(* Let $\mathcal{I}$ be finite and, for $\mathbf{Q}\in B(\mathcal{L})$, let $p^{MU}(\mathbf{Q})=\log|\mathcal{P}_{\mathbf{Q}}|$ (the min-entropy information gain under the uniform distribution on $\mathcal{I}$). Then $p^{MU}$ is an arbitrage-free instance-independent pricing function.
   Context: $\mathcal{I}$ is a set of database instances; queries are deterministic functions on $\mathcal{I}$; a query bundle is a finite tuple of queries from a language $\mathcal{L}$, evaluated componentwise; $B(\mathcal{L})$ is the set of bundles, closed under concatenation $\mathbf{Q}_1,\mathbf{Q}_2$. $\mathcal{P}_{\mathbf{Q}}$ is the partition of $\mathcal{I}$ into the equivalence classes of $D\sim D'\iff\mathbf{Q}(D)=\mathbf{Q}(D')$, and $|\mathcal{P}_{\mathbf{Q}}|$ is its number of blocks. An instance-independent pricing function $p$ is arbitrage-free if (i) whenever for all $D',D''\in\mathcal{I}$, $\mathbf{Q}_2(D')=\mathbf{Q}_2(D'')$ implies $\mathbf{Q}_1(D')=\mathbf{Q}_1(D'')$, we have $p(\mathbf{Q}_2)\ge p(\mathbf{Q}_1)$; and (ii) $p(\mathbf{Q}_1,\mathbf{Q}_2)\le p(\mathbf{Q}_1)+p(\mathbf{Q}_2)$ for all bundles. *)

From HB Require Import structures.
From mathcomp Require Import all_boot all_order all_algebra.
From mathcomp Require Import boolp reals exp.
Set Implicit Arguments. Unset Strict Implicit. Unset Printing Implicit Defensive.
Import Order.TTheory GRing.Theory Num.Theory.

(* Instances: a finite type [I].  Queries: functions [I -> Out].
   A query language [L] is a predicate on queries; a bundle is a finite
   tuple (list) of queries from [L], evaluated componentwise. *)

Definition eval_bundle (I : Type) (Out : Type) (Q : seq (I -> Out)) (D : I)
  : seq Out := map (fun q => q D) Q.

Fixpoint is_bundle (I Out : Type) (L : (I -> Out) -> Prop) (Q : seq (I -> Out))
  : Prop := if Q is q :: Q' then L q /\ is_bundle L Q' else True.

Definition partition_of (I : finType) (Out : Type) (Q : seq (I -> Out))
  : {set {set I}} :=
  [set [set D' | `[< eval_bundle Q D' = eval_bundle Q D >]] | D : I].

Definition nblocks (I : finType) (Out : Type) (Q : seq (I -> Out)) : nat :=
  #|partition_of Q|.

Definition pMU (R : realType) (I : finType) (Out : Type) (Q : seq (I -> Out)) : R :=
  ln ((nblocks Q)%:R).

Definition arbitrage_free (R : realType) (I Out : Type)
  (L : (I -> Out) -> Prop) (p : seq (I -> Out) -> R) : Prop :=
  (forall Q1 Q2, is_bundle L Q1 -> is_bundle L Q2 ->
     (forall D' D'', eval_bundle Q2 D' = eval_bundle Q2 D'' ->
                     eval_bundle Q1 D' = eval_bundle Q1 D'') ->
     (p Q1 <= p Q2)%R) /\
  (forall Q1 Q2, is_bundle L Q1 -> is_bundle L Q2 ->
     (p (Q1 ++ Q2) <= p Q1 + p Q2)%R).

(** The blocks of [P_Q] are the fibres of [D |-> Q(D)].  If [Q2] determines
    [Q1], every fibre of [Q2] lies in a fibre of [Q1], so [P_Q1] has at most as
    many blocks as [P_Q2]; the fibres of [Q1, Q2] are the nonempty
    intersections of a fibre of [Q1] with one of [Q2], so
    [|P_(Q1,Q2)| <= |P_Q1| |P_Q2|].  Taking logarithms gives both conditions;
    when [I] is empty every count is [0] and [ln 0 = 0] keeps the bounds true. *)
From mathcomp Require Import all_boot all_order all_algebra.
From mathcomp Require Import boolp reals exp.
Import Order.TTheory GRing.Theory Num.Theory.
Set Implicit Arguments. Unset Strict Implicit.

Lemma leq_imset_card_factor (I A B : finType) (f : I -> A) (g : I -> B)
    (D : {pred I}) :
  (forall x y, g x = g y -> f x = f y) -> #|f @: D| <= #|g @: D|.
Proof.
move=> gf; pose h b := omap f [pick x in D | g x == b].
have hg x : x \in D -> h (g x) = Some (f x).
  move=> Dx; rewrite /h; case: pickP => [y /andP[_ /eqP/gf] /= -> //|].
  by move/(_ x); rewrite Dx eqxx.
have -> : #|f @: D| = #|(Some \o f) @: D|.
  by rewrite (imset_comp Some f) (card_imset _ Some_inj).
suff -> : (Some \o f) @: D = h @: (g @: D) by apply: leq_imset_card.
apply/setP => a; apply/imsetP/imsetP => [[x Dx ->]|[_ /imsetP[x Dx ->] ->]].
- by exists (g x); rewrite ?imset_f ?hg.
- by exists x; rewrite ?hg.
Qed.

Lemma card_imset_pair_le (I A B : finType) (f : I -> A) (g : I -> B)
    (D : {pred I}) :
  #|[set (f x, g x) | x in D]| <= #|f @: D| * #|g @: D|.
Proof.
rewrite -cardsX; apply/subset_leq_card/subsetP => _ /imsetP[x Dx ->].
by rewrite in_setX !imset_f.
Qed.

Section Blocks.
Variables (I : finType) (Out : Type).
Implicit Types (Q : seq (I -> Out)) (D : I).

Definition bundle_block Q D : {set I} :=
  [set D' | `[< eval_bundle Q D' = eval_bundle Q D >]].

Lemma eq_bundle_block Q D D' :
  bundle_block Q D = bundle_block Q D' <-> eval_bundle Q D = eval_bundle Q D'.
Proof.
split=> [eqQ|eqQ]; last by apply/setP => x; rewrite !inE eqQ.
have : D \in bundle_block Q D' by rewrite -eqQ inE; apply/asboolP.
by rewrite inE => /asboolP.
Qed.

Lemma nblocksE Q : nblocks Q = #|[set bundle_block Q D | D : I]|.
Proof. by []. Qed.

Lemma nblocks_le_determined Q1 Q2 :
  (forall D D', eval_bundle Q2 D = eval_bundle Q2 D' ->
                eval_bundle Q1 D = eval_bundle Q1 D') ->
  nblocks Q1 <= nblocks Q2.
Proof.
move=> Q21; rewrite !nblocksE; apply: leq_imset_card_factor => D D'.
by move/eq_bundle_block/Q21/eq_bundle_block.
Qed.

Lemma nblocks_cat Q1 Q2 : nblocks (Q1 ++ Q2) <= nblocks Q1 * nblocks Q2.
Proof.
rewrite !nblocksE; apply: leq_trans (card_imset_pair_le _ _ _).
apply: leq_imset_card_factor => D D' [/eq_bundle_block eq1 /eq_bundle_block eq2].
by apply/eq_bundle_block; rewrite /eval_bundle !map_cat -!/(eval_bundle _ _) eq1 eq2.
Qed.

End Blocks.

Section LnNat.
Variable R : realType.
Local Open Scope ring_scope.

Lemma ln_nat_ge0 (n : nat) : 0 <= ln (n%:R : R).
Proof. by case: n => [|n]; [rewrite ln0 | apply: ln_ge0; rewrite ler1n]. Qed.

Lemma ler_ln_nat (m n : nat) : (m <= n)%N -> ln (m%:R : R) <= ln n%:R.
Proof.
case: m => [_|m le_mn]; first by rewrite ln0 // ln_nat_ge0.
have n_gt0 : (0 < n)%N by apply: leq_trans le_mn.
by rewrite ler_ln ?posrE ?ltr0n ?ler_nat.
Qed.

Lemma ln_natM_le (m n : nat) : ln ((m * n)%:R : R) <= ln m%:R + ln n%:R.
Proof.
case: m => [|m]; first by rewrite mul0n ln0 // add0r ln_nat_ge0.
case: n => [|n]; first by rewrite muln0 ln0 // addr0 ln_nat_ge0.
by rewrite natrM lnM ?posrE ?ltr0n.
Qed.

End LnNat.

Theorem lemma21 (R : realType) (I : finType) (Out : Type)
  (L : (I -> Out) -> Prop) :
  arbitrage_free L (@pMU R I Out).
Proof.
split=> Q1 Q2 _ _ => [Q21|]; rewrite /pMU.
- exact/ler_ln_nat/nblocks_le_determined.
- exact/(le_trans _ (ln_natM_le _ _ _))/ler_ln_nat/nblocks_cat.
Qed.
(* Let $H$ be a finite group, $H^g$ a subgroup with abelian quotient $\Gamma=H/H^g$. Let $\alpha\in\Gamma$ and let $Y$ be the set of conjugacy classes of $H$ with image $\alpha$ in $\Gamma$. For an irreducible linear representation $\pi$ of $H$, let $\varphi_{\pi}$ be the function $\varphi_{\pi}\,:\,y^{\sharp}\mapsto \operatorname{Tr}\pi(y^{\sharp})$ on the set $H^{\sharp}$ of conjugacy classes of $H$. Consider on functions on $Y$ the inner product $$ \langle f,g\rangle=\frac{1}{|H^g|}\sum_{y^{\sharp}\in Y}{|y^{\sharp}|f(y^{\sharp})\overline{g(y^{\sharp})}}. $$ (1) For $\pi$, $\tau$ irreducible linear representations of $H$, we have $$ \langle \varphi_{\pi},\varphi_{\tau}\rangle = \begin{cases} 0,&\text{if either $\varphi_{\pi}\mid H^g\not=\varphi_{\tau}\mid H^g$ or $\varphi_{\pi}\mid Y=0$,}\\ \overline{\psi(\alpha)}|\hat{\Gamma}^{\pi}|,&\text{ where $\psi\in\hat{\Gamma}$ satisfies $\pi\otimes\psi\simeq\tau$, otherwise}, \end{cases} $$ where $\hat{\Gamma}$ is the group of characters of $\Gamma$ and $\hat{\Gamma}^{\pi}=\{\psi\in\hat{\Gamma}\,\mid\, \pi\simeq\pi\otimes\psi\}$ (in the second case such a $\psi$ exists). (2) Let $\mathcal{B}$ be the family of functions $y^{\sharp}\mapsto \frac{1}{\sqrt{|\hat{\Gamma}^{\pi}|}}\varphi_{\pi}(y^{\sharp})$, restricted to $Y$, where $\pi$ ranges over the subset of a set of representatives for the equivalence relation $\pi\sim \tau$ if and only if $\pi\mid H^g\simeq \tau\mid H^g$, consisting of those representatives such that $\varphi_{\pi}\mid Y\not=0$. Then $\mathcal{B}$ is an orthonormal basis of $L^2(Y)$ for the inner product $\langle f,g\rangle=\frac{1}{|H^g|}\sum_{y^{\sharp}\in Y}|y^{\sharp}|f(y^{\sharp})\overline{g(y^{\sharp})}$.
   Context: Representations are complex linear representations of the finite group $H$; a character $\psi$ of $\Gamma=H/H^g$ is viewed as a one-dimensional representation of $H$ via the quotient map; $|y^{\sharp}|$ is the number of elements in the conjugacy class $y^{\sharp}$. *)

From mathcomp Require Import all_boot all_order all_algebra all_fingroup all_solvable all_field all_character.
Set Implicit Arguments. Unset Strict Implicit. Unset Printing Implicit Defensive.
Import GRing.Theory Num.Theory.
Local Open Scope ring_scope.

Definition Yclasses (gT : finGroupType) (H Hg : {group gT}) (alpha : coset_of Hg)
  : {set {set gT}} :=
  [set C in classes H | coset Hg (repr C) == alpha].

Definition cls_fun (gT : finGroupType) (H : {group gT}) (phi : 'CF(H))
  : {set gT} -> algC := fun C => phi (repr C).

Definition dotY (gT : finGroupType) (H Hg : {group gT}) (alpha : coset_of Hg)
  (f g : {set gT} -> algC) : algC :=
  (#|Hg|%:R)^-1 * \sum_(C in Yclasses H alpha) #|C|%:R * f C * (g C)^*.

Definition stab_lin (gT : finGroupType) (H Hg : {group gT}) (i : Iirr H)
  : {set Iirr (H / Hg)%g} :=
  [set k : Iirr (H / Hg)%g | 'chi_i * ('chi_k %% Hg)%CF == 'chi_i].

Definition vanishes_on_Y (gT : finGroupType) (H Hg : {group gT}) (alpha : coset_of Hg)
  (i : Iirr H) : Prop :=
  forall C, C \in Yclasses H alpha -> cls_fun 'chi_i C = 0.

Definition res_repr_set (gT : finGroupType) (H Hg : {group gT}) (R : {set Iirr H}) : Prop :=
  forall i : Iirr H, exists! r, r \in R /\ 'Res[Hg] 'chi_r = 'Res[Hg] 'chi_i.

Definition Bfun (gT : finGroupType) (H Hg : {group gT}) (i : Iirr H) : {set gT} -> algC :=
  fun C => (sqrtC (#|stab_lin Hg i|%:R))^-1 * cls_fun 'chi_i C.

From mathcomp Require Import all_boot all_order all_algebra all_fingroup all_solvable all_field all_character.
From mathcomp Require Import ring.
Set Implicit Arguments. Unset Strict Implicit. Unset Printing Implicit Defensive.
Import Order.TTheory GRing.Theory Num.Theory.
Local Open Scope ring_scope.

....................

[Task requirements] Go through the listing above and write out exactly the lines starting with the one holding "Definition eval_bundle (I" and running through the one holding "(** The blocks", ends included, and no others.

[Answer box]
Definition eval_bundle (I : Type) (Out : Type) (Q : seq (I -> Out)) (D : I)
  : seq Out := map (fun q => q D) Q.

Fixpoint is_bundle (I Out : Type) (L : (I -> Out) -> Prop) (Q : seq (I -> Out))
  : Prop := if Q is q :: Q' then L q /\ is_bundle L Q' else True.

Definition partition_of (I : finType) (Out : Type) (Q : seq (I -> Out))
  : {set {set I}} :=
  [set [set D' | `[< eval_bundle Q D' = eval_bundle Q D >]] | D : I].

Definition nblocks (I : finType) (Out : Type) (Q : seq (I -> Out)) : nat :=
  #|partition_of Q|.

Definition pMU (R : realType) (I : finType) (Out : Type) (Q : seq (I -> Out)) : R :=
  ln ((nblocks Q)%:R).

Definition arbitrage_free (R : realType) (I Out : Type)
  (L : (I -> Out) -> Prop) (p : seq (I -> Out) -> R) : Prop :=
  (forall Q1 Q2, is_bundle L Q1 -> is_bundle L Q2 ->
     (forall D' D'', eval_bundle Q2 D' = eval_bundle Q2 D'' ->
                     eval_bundle Q1 D' = eval_bundle Q1 D'') ->
     (p Q1 <= p Q2)%R) /\
  (forall Q1 Q2, is_bundle L Q1 -> is_bundle L Q2 ->
     (p (Q1 ++ Q2) <= p Q1 + p Q2)%R).

(** The blocks of [P_Q] are the fibres of [D |-> Q(D)].  If [Q2] determines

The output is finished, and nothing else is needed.